Building on this theme, Bank of America analyst Erika Najarian reiterated her Buy rating for Wells Fargo stock as of early June 2025. Not only does this analyst see the stock as a Buy, but she also placed a valuation target of up to $90 per share on it.
Compared to where it trades today, this target would imply that Wells Fargo could rally by as much as 18% to closely match the expected EPS growth of these other analysts. With this in mind, investors can now look for further evidence to back up the belief that Wells Fargo can fulfill this upside expectation.
One way to gauge this sentiment is to examine how the market values Wells Fargo stock compared to its peers in the commercial banking sector. By trading at a forward P/E multiple of 11.5x today, Wells Fargo commands a premium over names like Bank of America Inc. (NYSE: BAC) and Citigroup Inc. (NYSE: C), which trade at a respective 9.0x and 8.5x each.
The market’s willingness to overpay for Wells Fargo’s future earnings should indicate confidence in its future upside potential, considering that there is now double-digit growth potential following the regulatory stance’s shift in favor of Wells Fargo’s business.

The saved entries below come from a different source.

Lemma decreasing_block_split : A != [::] -> ~~ sorted gtn B -> sorted gtn A ->
  exists lo hi, B \in shuffles lo hi /\ sorted gtn (hi ++ A ++ lo).
Proof.
move=> A_nil B_unsorted A_decr.
have [y0 [z0 [y0z0 sub0]]] := unsorted_gtn_ascent B_uniq B_unsorted.
have not_between := ascent_not_between y0z0 sub0.
have [a0 a0_A] : exists a0, a0 \in A by case: (A) A_nil => // a ? _; exists a; apply: mem_head.
have a0_neq x : x \in B -> x != a0 by move=> x_B; apply: contraNneq (A_notin_B a0_A) => <-.
set lo := [seq x <- B | x < a0]; set hi := [seq x <- B | a0 < x].
have lo_lt_A x a : x \in lo -> a \in A -> x < a.
  rewrite mem_filter => /andP[xa0 x_B] a_A; rewrite ltnNge leq_eqVlt negb_or.
  apply/andP; split; first by apply: contraNneq (A_notin_B a_A) => ->.
  by apply/negP => ax; apply: (not_between a a0 x).
have A_lt_hi x a : x \in hi -> a \in A -> a < x.
  rewrite mem_filter => /andP[a0x x_B] a_A; rewrite ltnNge leq_eqVlt negb_or.
  apply/andP; split; first by apply: contraNneq (A_notin_B a_A) => <-.
  by apply/negP => xa; apply: (not_between a0 a x).
have lo_decr : sorted gtn lo.
  apply: (sorted_gtn_no_ascent (filter_uniq _ B_uniq)) => y z yz sub.
  have /andP[_ a0z] := ascent_straddles a0_A yz (subseq_trans sub (filter_subseq _ _)).
  have : z \in lo by rewrite (mem_subseq sub) // !inE eqxx orbT.
  by rewrite mem_filter => /andP[za0 _]; lia.
have hi_decr : sorted gtn hi.
  apply: (sorted_gtn_no_ascent (filter_uniq _ B_uniq)) => y z yz sub.
  have /andP[ya0 _] := ascent_straddles a0_A yz (subseq_trans sub (filter_subseq _ _)).
  have : y \in hi by rewrite (mem_subseq sub) ?mem_head.
  by rewrite mem_filter => /andP[a0y _]; lia.
have lo_lt_hi : {in lo & hi, forall a b, a < b}.
  by move=> a b a_lo b_hi; apply: ltn_trans (lo_lt_A a a0 a_lo a0_A) (A_lt_hi b a0 b_hi a0_A).
have perm_B : perm_eq B (lo ++ hi).
  rewrite perm_sym (_ : hi = [seq x <- B | ~~ (x < a0)]) ?perm_filterC //.
  by apply: eq_in_filter => x /a0_neq/negPf x_a0; rewrite -leqNgt [a0 <= x]leq_eqVlt eq_sym x_a0.
have decr : sorted gtn (hi ++ A ++ lo).
  apply: sorted_gtn_cat => //.
    by apply: sorted_gtn_cat => // a x a_A x_lo; apply: lo_lt_A x_lo a_A.
  by move=> x b x_hi; rewrite mem_cat => /orP[b_A | b_lo]; [apply: A_lt_hi | apply: lo_lt_hi].
exists lo, hi; split=> //; apply: shuffles_complete; rewrite ?filter_subseq //.
exact: decreasing_runs_uniq.
Qed.

Lemma block_structure k : A != [::] -> ~~ sorted gtn B -> perm_eq (A ++ B) (iota 1 k) ->
  sorted gtn A -> exists p r q,
    [/\ k = p + r + q, A = riota p.+1 r & B \in shuffles (riota 1 p) (riota (p + r).+1 q)].
Proof.
move=> A_nil B_unsorted perm_AB A_decr.
have [lo [hi [B_in decr]]] := decreasing_block_split A_nil B_unsorted A_decr.
have [perm_B _ _] := shuffles_sound B_in.
have perm_all : perm_eq (hi ++ A ++ lo) (iota 1 k).
  by apply: perm_trans perm_AB; rewrite perm_catCA perm_cat2l perm_catC perm_sym.
have k_eq : k = size lo + size A + size hi.
  by have := perm_size perm_all; rewrite !size_cat size_iota => <-; rewrite addnC [size A + _]addnC.
exists (size lo), (size A), (size hi).
have := decreasing_perm_iota decr perm_all; rewrite k_eq riota_split.
move/eqP; rewrite eqseq_cat ?size_riota // => /andP[/eqP hi_eq].
rewrite eqseq_cat ?size_riota // => /andP[/eqP A_eq /eqP lo_eq].
by split=> //; rewrite -lo_eq -hi_eq.
Qed.

End BlockStructure.

Definition split_pairs k : seq (seq nat * seq nat) :=
  [seq (A, [seq z <- riota 1 k | z \notin A]) | A <- subseqs (riota 1 k) & A != [::]].

Definition block_index k : seq (nat * nat) := [seq (s, p) | s <- iota 0 k, p <- iota 0 s.+1].

Definition unsorted_shuffles p r q : seq (seq nat) :=
  [seq B <- shuffles (riota 1 p) (riota (p + r).+1 q) | ~~ sorted gtn B].

(* An index (s, p) stands for the p lower values 1, ..., p and the s - p upper values,
   around the block of the k - s values p+1, ..., p+k-s placed before the maximum. *)
Definition block_pairs k : seq (seq nat * seq nat) :=
  [seq (riota x.1.2.+1 (k - x.1.1), x.2)
    | x <- [seq (sp, B) | sp <- block_index k,
                          B <- unsorted_shuffles sp.2 (k - sp.1) (sp.1 - sp.2)]].

Fixpoint avoiders k : seq (seq nat) :=
  if k is k'.+1 then
    [seq AB.1 ++ k :: AB.2
      | AB <- [seq ([::], t) | t <- avoiders k'] ++ split_pairs k' ++ block_pairs k']
  else [:: [::]].

Lemma avoidersS k : avoiders k.+1 =
  [seq AB.1 ++ k.+1 :: AB.2
    | AB <- [seq ([::], t) | t <- avoiders k] ++ split_pairs k ++ block_pairs k].
Proof. by []. Qed.

Lemma mem_split_pairs k A B : ((A, B) \in split_pairs k) =
  [&& A != [::], subseq A (riota 1 k) & B == [seq z <- riota 1 k | z \notin A]].
Proof.
apply/mapP/and3P => [[A' ] | [A_nil sub_A /eqP->]]; last first.
  by exists A; rewrite // mem_filter A_nil mem_subseqs.
by rewrite mem_filter mem_subseqs => /andP[? ?] [-> ->].
Qed.

Lemma block_pairsP k A B : (A, B) \in block_pairs k <->
  exists p r q, [/\ k = p + r + q, 0 < r, A = riota p.+1 r & B \in unsorted_shuffles p r q].
Proof.
split=> [/mapP[_ /allpairsPdep[_ [B' [/allpairsPdep[s [p [s_in p_in ->]]] B_in ->]]] [-> ->]] |].
  move: s_in p_in; rewrite !mem_iota => s_lt p_le.
  by exists p, (k - s), (s - p); split=> //; lia.
case=> p [r [q [k_eq r_gt0 -> B_in]]].
have kpq : k - (p + q) = r by lia.
apply/mapP; exists ((p + q, p), B); last by rewrite /= kpq.
apply/allpairsPdep; exists (p + q, p), B; split=> //=.
  by apply/allpairsPdep; exists (p + q), p; rewrite !mem_iota; split=> //; lia.
by rewrite kpq addKn.
Qed.

Lemma perm_split_pair k A : subseq A (riota 1 k) ->
  perm_eq (A ++ [seq z <- riota 1 k | z \notin A]) (iota 1 k).
Proof.
move=> /(subseq_uniqP (riota_uniq 1 k)) {1}->.
by rewrite (perm_filterC [in A]) perm_riota.
Qed.

Lemma perm_block_pair p r q B : B \in shuffles (riota 1 p) (riota (p + r).+1 q) ->
  perm_eq (riota p.+1 r ++ B) (iota 1 (p + r + q)).
Proof.
move=> /shuffles_sound[perm_B _ _]; apply: perm_trans (perm_riota 1 _).
rewrite riota_split perm_sym perm_catCA perm_sym perm_cat2l.
by rewrite (perm_trans perm_B) // perm_catC.
Qed.

Lemma avoids_nil : avoids_123_3412 [::].
Proof. by split=> [[x [y [z []]]] | [a [b [c [d []]]]]]. Qed.

Lemma avoiders_sound k s : s \in avoiders k -> perm_eq s (iota 1 k) /\ avoids_123_3412 s.
Proof.
elim: k s => [|k IHk] s; first by rewrite inE => /eqP->; split; last exact: avoids_nil.
rewrite avoidersS.
case/mapP=> -[A B]; rewrite !mem_cat => /or3P[] AB_in -> /=; rewrite perm_insert_max.
- case/mapP: AB_in => t /IHk[perm_t t_avoids] [-> ->].
  by split=> //; apply: cons_max_avoids.
- move: AB_in; rewrite mem_split_pairs => /and3P[_ sub_A /eqP->].
  by split; [apply: perm_split_pair | apply: split_runs_avoids].
- case/block_pairsP: AB_in => p [r [q [-> _ -> ]]]; rewrite mem_filter => /andP[_ B_in].
  by split; [apply: perm_block_pair | apply: block_avoids].
Qed.

Lemma decreasing_split_pair k A B : A != [::] -> sorted gtn A -> sorted gtn B ->
  perm_eq (A ++ B) (iota 1 k) -> (A, B) \in split_pairs k.
Proof.
move=> A_nil A_decr B_decr perm_AB.
have in_riota z : (z \in riota 1 k) = (z \in A ++ B).
  by rewrite (perm_mem (perm_riota 1 k)) (perm_mem perm_AB).
have AB_uniq := perm_iota_uniq perm_AB.
have A_eq : A = [seq z <- riota 1 k | z \in A].
  apply: (irr_sorted_eq gtn_trans gtn_irr) => //.
    by apply: (sorted_filter gtn_trans); apply: riota_decr.
  by move=> z; rewrite mem_filter in_riota mem_cat; case: (z \in A).
rewrite mem_split_pairs A_nil /=; apply/andP; split; first by rewrite A_eq filter_subseq.
apply/eqP; apply: (irr_sorted_eq gtn_trans gtn_irr) => //.
  by apply: (sorted_filter gtn_trans); apply: riota_decr.
move=> z; rewrite mem_filter in_riota mem_cat.
case: (boolP (z \in B)) => z_B; last by rewrite orbF andNb.
by move: AB_uniq; rewrite cat_uniq orbT => /and3P[_ /hasPn/(_ z z_B) -> _].
Qed.

Lemma avoiders_complete k s : perm_eq s (iota 1 k) -> avoids_123_3412 s -> s \in avoiders k.
Proof.
elim: k s => [|k IHk] s perm_s s_avoids.
  by move: (perm_size perm_s) => /size0nil->; rewrite inE.
have max_in : k.+1 \in s by rewrite (perm_mem perm_s) mem_iota; lia.
case/splitPr: max_in perm_s s_avoids => A B; rewrite perm_insert_max => perm_AB AB_avoids.
have A_uniq : uniq A by move: (perm_iota_uniq perm_AB); rewrite cat_uniq => /and3P[].
have [A_B_avoids A_decr no_ascent] :=
  (avoids_insert_maxP (perm_iota_lt perm_AB) A_uniq).1 AB_avoids.
rewrite avoidersS; apply/mapP; exists (A, B) => //; rewrite !mem_cat.
have [A_nil | A_nnil] := eqVneq A [::].
  move: A_nil perm_AB A_B_avoids => -> perm_B B_avoids.
  by rewrite map_f // IHk.
have [B_decr | B_unsorted] := boolP (sorted gtn B).
  by rewrite decreasing_split_pair ?orbT.
have [p [r [q [k_eq A_eq B_in]]]] :=
  block_structure (perm_iota_uniq perm_AB) A_B_avoids no_ascent A_nnil B_unsorted perm_AB A_decr.
apply/orP; right; apply/orP; right; apply/block_pairsP; exists p, r, q; split=> //.
- by move: A_nnil; rewrite A_eq -size_eq0 size_riota; lia.
- by rewrite mem_filter B_unsorted.
Qed.

(** * Uniqueness and counting *)

Lemma riota_inj n : 0 < n -> injective (riota ^~ n).
Proof. by case: n => // n _ a a' /(congr1 rev); rewrite !revK => -[]. Qed.

Lemma split_pairs_uniq k : uniq (split_pairs k).
Proof.
rewrite map_inj_uniq ?filter_uniq ?subseqs_uniq ?riota_uniq //.
by move=> A A' [].
Qed.
(* Let $G$ be a finite group and $X$ a finite $G$-poset. For $n\ge1$, $X^{(n)}/G$ is contractible if and only if $X'/G$ is contractible. If $X$ satisfies property (B), then $X^{(n)}/G$ is contractible if and only if $X/G$ is contractible.
   Context: Finite posets are regarded as finite $T_0$ topological spaces whose open sets are the down-sets; ''contractible'' refers to this topology. A finite $G$-poset is a finite poset with a right action of $G$ by order-preserving maps. $Y'$ is the poset of non-empty chains of $Y$ ordered by inclusion, $Y^{(n)}$ the $n$-th iterated subdivision. $Y/G$ is the orbit poset: $\overline{y}\le\overline{z}$ iff some representatives satisfy $y_1\le z_1$. $X$ satisfies property (B) if whenever $\{v_0,\dots,v_n\}$ and $\{v_0^{g_0},\dots,v_n^{g_n}\}$ are both chains of $X$ with $g_i\in G$, there is $g\in G$ with $v_i^{g_i}=v_i^g$ for all $i$. *)

From HB Require Import structures.
From mathcomp Require Import all_boot all_order all_algebra all_fingroup.
From mathcomp Require Import all_classical all_reals.
From mathcomp Require Import topology normedtype Rstruct Rstruct_topology.

Set Implicit Arguments.
Unset Strict Implicit.
Unset Printing Implicit Defensive.


(* (The partial order axioms are imposed as hypotheses where needed; the      *)
(* topology below only uses the relation.)                                     *)
Record fposet := FPoset { pcarrier : finType ; ple : rel pcarrier }.

(* The finite T_0 space associated with a finite poset: open sets are the      *)
(* down-sets.                                                                   *)
Definition fspace (X : fposet) : Type := pcarrier X.
HB.instance Definition _ (X : fposet) := Choice.on (fspace X).

Definition downset (X : fposet) (U : set (fspace X)) :=
  forall x y : fspace X, ple y x -> U x -> U y.

Lemma downsetT (X : fposet) : downset [set: fspace X]%classic.
Proof. by []. Qed.

Lemma downsetI (X : fposet) : setI_closed (@downset X).
Proof. by move=> A B hA hB x y yx [Ax Bx]; split; [exact: hA yx Ax|exact: hB yx Bx]. Qed.

Lemma downset_bigU (X : fposet) (I : Type) (f : I -> set (fspace X)) :
  (forall i, downset (f i)) -> downset (\bigcup_i f i)%classic.
Proof. by move=> hf x y yx [i _ hfx]; exists i => //; exact: hf yx hfx. Qed.

HB.instance Definition _ (X : fposet) :=
  isOpenTopological.Build (fspace X) (@downsetT X) (@downsetI X) (@downset_bigU X).

Section Contr.
Local Open Scope classical_set_scope.
Definition contractible (X : fposet) : Prop :=
  exists (x0 : fspace X) (H : fspace X * Rdefinitions.R -> fspace X),
    {within ([set: fspace X] `*` `[0%R, 1%R])%classic, continuous H} /\
    (forall x, H (x, 0%R) = x) /\ (forall x, H (x, 1%R) = x0).
End Contr.

Record gposet (gT : finGroupType) := GPoset {
  gpos :> fposet ;
  gact : pcarrier gpos -> gT -> pcarrier gpos ;
  gact_mono : forall x y g, ple x y -> ple (gact x g) (gact y g) }.

Definition is_chain (X : fposet) (c : {set pcarrier X}) : bool :=
  [forall x in c, forall y in c, ple x y || ple y x].

Definition chain_pred (X : fposet) : pred {set pcarrier X} :=
  fun c => (c != finset.set0) && is_chain c.

Definition chains (X : fposet) : finType := {c : {set pcarrier X} | @chain_pred X c}.

Definition sd_poset (X : fposet) : fposet :=
  @FPoset (chains X) (fun c d => val c \subset val d).

Section SdAction.
Variables (gT : finGroupType) (X : gposet gT).

Lemma sd_act_chain (c : chains X) (g : gT) :
  @chain_pred X [set gact x g | x in val c].
Proof.
case: c => c /= /andP [c0 cc]; apply/andP; split.
  case/set0Pn: c0 => x xc; apply/set0Pn; exists (gact x g); exact: imset_f.
apply/forallP => x'; apply/implyP => /imsetP [x xc ->].
apply/forallP => y'; apply/implyP => /imsetP [y yc ->].
have /forallP /(_ x) /implyP /(_ xc) /forallP /(_ y) /implyP /(_ yc) := cc.
by case/orP => h; apply/orP; [left|right]; exact: gact_mono.
Qed.

Definition sd_act (c : chains X) (g : gT) : chains X :=
  exist (fun d => @chain_pred X d) _ (sd_act_chain c g).

Lemma sd_act_mono (c d : chains X) (g : gT) :
  @ple (sd_poset X) c d -> @ple (sd_poset X) (sd_act c g) (sd_act d g).
Proof. by move=> /= cd; apply: imsetS. Qed.

Definition sd : gposet gT := @GPoset gT (sd_poset X) sd_act sd_act_mono.
End SdAction.

Fixpoint sdn (gT : finGroupType) (n : nat) (X : gposet gT) : gposet gT :=
  if n is m.+1 then sd (sdn m X) else X.

Definition orbitG (gT : finGroupType) (X : gposet gT) (x : pcarrier X) :
  {set pcarrier X} := [set gact x g | g : gT].

Definition is_orbit (gT : finGroupType) (X : gposet gT) : pred {set pcarrier X} :=
  fun A => [exists x, A == orbitG x].

Definition orbits (gT : finGroupType) (X : gposet gT) : finType :=
  {A : {set pcarrier X} | @is_orbit gT X A}.

Definition orbit_poset (gT : finGroupType) (X : gposet gT) : fposet :=
  @FPoset (orbits X)
    (fun A B => [exists y in val A, exists z in val B, ple y z]).

Definition propB (gT : finGroupType) (X : gposet gT) : Prop :=
  forall (k : nat) (v : 'I_k -> pcarrier X) (gs : 'I_k -> gT),
    (forall i j, ple (v i) (v j) || ple (v j) (v i)) ->
    (forall i j, ple (gact (v i) (gs i)) (gact (v j) (gs j))
                 || ple (gact (v j) (gs j)) (gact (v i) (gs i))) ->
    exists g : gT, forall i, gact (v i) (gs i) = gact (v i) g.

(* A finite T_0 space is contractible iff its identity is joined to a constant
   map by a fence of comparable order-preserving maps. Removing a beat point
   changes neither this property for X nor for its subdivision X', and when X
   has no beat point the closed chains (intersections of maximal chains) form
   a beat-free retract of X', so X' and X are then both contractible only if X
   is a point; hence X' is contractible iff X is. For a G-poset Y with property
   (B), sending an orbit of chains to its chain of orbits is an isomorphism
   from Y'/G onto (Y/G)'. Every subdivision has property (B), so X^(n+1)/G,
   being isomorphic to (X^(n)/G)', is contractible iff X^(n)/G is, for n >= 1,
   and for n = 0 under (B). *)

From Pilot Require Import Defs.
From HB Require Import structures.
From mathcomp Require Import all_boot all_order all_algebra all_fingroup.
From mathcomp Require all_classical all_reals topology normedtype.
From mathcomp Require Rstruct Rstruct_topology lra.
From Stdlib Require Import FunctionalExtensionality Classical.

Set Implicit Arguments.
Unset Strict Implicit.
Unset Printing Implicit Defensive.

Definition partial_order (T : Type) (le : rel T) :=
  [/\ reflexive le, antisymmetric le & transitive le].

Lemma partial_order_flip (T : Type) (le : rel T) :
  partial_order le -> partial_order (fun x y => le y x).
Proof.
case=> lr la lt; split=> // [x y /andP [yx xy]|x y z yx zy].
- by apply: la; rewrite xy yx.
- exact: lt zy yx.
Qed.

(** * Fence homotopy *)

Section FenceHomotopy.
Variables (T : Type) (le : rel T).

More than that, investors could argue that today’s consumer and credit cycle could be near a bottoming, delivering on the upside tailwinds that can be had when and if mortgage volumes and credit card issuance come back to their former high levels.
That would significantly boost Wells Fargo’s EPS beyond forecasts, especially since it has the green light to conduct more business than is currently projected. While this may take some time, the tailwinds are definitely present for the bank to continue delivering higher prices.